### Activity:
Please give the count of lines in the listing underneath that hold "reals", leaving out everything else.

= = = =

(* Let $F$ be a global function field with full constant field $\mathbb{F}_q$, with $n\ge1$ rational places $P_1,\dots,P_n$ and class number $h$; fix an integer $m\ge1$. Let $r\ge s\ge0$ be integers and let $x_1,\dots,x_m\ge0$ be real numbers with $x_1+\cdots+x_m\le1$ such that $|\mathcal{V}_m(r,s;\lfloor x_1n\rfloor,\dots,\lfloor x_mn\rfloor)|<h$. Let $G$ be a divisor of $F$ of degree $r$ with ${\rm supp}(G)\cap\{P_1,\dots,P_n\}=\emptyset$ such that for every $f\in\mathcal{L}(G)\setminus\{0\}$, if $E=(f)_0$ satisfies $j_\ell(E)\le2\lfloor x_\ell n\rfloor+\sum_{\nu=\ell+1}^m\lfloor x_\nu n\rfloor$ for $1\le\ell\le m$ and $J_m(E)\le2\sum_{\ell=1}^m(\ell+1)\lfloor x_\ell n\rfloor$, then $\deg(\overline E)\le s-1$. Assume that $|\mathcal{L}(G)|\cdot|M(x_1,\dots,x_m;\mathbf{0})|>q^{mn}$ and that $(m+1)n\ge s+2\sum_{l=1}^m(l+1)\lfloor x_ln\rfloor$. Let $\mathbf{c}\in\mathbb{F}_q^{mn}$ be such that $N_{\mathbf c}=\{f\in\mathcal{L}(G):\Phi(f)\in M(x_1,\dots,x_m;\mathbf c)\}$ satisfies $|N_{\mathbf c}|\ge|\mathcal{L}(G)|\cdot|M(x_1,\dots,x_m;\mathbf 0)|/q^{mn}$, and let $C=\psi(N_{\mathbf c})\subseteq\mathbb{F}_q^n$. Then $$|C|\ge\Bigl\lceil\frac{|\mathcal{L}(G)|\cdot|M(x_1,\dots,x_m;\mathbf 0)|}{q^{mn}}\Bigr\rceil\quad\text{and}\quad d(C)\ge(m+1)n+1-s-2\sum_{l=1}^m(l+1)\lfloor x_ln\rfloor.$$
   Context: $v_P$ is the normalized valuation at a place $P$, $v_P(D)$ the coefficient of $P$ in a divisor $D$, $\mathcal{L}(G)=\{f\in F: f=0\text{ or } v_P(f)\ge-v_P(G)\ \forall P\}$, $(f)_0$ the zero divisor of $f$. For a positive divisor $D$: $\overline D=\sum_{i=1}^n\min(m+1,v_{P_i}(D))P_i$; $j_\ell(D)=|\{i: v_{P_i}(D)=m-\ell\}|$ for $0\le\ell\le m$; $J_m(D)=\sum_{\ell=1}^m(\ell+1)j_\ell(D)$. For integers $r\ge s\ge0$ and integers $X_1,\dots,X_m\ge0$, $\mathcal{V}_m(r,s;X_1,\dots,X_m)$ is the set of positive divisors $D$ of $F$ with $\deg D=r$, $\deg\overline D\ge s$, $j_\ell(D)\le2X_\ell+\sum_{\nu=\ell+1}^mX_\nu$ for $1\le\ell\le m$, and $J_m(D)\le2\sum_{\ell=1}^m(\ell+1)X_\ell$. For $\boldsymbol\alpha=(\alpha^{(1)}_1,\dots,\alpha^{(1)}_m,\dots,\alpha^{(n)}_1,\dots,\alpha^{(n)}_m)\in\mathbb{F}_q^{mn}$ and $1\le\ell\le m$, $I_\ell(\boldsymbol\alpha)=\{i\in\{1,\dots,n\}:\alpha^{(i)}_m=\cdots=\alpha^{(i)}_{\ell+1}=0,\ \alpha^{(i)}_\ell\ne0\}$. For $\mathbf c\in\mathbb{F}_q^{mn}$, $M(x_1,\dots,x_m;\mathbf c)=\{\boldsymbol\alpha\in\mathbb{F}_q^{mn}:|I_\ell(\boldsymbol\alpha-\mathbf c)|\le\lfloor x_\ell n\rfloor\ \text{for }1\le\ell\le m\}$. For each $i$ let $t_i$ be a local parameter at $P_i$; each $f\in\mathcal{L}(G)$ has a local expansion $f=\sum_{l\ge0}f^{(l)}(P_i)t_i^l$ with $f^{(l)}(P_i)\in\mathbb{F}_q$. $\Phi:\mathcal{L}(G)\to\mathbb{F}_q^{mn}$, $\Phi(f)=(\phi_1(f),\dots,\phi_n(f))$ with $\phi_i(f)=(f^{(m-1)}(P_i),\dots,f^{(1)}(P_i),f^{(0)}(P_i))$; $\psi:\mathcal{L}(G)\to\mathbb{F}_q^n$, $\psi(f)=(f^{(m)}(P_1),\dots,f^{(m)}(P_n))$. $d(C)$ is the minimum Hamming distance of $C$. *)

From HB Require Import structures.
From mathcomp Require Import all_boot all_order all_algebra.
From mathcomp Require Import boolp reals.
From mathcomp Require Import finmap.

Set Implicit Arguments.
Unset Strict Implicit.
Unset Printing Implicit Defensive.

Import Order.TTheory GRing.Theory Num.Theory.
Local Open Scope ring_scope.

= = = =

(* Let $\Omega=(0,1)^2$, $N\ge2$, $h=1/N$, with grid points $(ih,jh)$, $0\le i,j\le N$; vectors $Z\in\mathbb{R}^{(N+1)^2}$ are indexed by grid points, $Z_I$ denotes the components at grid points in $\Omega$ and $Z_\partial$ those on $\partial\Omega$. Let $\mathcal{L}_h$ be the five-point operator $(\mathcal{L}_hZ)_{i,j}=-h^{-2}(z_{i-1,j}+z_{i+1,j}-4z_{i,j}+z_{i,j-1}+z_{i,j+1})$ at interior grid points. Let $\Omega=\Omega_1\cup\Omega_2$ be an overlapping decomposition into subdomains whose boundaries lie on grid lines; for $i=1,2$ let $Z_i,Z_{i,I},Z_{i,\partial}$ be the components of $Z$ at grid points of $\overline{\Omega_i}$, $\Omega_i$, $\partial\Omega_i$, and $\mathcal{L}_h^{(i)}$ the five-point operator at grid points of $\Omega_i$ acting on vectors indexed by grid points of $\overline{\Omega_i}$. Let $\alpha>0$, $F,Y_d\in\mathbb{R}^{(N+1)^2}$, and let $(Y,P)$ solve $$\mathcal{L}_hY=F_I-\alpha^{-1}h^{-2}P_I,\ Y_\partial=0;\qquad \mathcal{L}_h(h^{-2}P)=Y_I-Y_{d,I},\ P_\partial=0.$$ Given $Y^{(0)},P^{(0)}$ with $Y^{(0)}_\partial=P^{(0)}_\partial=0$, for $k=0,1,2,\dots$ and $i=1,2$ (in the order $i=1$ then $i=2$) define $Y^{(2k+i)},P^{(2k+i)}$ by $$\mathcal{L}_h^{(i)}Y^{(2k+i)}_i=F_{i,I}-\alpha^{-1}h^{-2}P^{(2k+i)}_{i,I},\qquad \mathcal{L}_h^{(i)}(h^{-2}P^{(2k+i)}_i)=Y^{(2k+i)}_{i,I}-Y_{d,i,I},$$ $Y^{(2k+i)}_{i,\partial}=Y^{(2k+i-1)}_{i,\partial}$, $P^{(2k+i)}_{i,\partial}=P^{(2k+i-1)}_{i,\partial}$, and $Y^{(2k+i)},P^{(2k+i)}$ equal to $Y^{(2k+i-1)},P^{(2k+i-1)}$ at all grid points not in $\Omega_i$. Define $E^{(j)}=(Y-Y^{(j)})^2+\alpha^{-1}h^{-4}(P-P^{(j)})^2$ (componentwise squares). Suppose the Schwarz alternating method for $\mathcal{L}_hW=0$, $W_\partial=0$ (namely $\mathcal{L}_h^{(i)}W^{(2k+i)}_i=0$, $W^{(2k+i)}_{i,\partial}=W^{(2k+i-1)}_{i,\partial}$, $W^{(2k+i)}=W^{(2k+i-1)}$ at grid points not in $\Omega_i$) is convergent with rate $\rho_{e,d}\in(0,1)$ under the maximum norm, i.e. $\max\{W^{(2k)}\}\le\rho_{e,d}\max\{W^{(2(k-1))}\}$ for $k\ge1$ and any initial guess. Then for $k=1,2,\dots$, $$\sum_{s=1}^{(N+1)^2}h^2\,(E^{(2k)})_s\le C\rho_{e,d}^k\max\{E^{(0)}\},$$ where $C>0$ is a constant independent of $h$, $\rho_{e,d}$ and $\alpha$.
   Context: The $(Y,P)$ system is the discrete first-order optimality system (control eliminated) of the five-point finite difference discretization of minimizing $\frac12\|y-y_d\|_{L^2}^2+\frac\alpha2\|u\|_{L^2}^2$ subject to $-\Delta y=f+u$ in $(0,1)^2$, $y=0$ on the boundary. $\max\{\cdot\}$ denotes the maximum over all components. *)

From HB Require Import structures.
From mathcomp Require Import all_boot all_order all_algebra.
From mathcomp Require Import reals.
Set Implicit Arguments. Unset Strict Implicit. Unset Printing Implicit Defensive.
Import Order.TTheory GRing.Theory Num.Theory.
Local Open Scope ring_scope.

= = = =

### Solution for this task:
2